以下决策树针对概念 buy_computer,指示公司的客户是否可能购买计算机。每个内部节点代表对属性的测试。每个叶节点代表一个类。
拥有决策树的好处如下 -
- 它不需要任何领域知识。
- 这很容易理解。
- 决策树的学习和分类步骤简单且快速。
决策树归纳算法
1980 年,一位名叫 J. Ross Quinlan 的机器研究员开发了一种称为 ID3(迭代二分法)的决策树算法。后来,他提出了C4.5,它是ID3的继承者。ID3和C4.5采用贪心方法。在这个算法中,没有回溯;这些树是以自上而下递归分而治之的方式构建的。

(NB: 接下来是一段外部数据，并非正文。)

(* (A): sum_i p_c(x_i)^2 <= (n+1) (n+1)^2 ||p_c||^2. *)
Lemma norm2_bernVander_le (c : 'cV[R]_n.+1) :
  norm2 (V *m c) <= Num.sqrt ((n.+1%:R) ^+ 3) * normM c.
Proof.
rewrite /norm2 normM_bernComb -sqrtrM ?exprn_ge0 ?ler0n //; apply: ler_wsqrtr.
under eq_bigr => i _ do rewrite bernVander_mul.
apply: le_trans (ler_sum _ (fun i _ => eval_sqr_le (size_bernComb c) (nodes_in01 i))) _.
by rewrite sumr_const card_ord -[_ *+ n.+1]mulr_natr [_ ^+ 3]exprSr mulrAC.
Qed.

(* (B): ||sum_j z_j l_j|| <= sum_j |z_j| w_j <= ||z||_2 ||w||_2. *)
Lemma normM_invV_le (z : 'cV[R]_n.+1) :
  normM (invmx V *m z) <= norm2 z * norm2 (wvec x).
Proof.
pose w j := Num.sqrt (I (lagrpoly x j * lagrpoly x j)).
have wvecE j : wvec x j 0 = w j.
  rewrite mxE /w -int01_polyint; congr (Num.sqrt (int01 _)); apply: funext => t.
  by rewrite hornerM lagrpolyE expr2.
rewrite normM_bernComb bernComb_invV // /lagrComb polyint_quad /norm2 -sqrtrM; last first.
  by apply: sumr_ge0 => i _; rewrite sqr_ge0.
apply: ler_wsqrtr.
have triangle : \sum_(i < n.+1) \sum_(j < n.+1)
    z i 0 * z j 0 * I (lagrpoly x i * lagrpoly x j) <= (\sum_(i < n.+1) `|z i 0| * w i) ^+ 2.
  rewrite expr2 mulr_suml; apply: ler_sum => i _; rewrite mulr_sumr.
  apply: ler_sum => j _; apply: (le_trans (ler_norm _)); rewrite !normrM mulrACA.
  by apply: ler_wpM2l; [rewrite mulr_ge0 | exact: polyint_cauchy_schwarz].
apply: (le_trans triangle); apply: (le_trans (sum_cauchy_schwarz _ _)).
apply: ler_pM; try by apply: sumr_ge0 => i _; rewrite sqr_ge0.
- by apply/ler_sum => i _; rewrite real_normK ?num_real.
- by apply/ler_sum => i _; rewrite wvecE.
Qed.

End Estimates.

Section OperatorNorms.
Variable R : realType.
Local Open Scope classical_set_scope.

Lemma sup_ratio_le (T : Type) (P : T -> Prop) (f g : T -> R) (B : R) (y0 : T) :
  P y0 -> 0 <= B -> (forall y, 0 <= f y) -> (forall y, 0 <= g y) ->
  (forall y, f y <= B * g y) ->
  0 <= sup [set r | exists y, P y /\ r = f y / g y] <= B.
Proof.
move=> Py0 B_ge0 f_ge0 g_ge0 fBg; set S := [set r | _].
have S_le r : S r -> r <= B.
  move=> [y [_ ->]]; have [g0|g_neq0] := eqVneq (g y) 0.
    by rewrite g0 invr0 mulr0.
  by rewrite ler_pdivrMr ?fBg // lt_def g_neq0 g_ge0.
apply/andP; split; last by apply: ge_sup => //; exists (f y0 / g y0), y0.
apply: (@le_trans _ _ (f y0 / g y0)); first by rewrite divr_ge0.
by apply: ub_le_sup; [exists B | exists y0].
Qed.

(* A nonzero test vector, witnessing that the sets defining the norms are nonempty. *)
Lemma cst1_neq0 m : (const_mx 1 : 'cV[R]_m.+1) != 0.
Proof. by apply/eqP => /matrixP /(_ ord0 ord0); rewrite !mxE => /eqP; rewrite oner_eq0. Qed.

Generating a decision tree form training tuples of data partition D
Algorithm : Generate_decision_tree
Input:
Data partition, D, which is a set of training tuples
and their associated class labels.
attribute_list, the set of candidate attributes.
Attribute selection method, a procedure to determine the
splitting criterion that best partitions that the data
tuples into individual classes. This criterion includes a
splitting_attribute and either a splitting point or splitting subset.
Output:
A Decision Tree
Method
create a node N;
if tuples in D are all of the same class, C then
return N as leaf node labeled with class C;
if attribute_list is empty then
return N as leaf node with labeled
with majority class in D;|| majority voting
apply attribute_selection_method(D, attribute_list)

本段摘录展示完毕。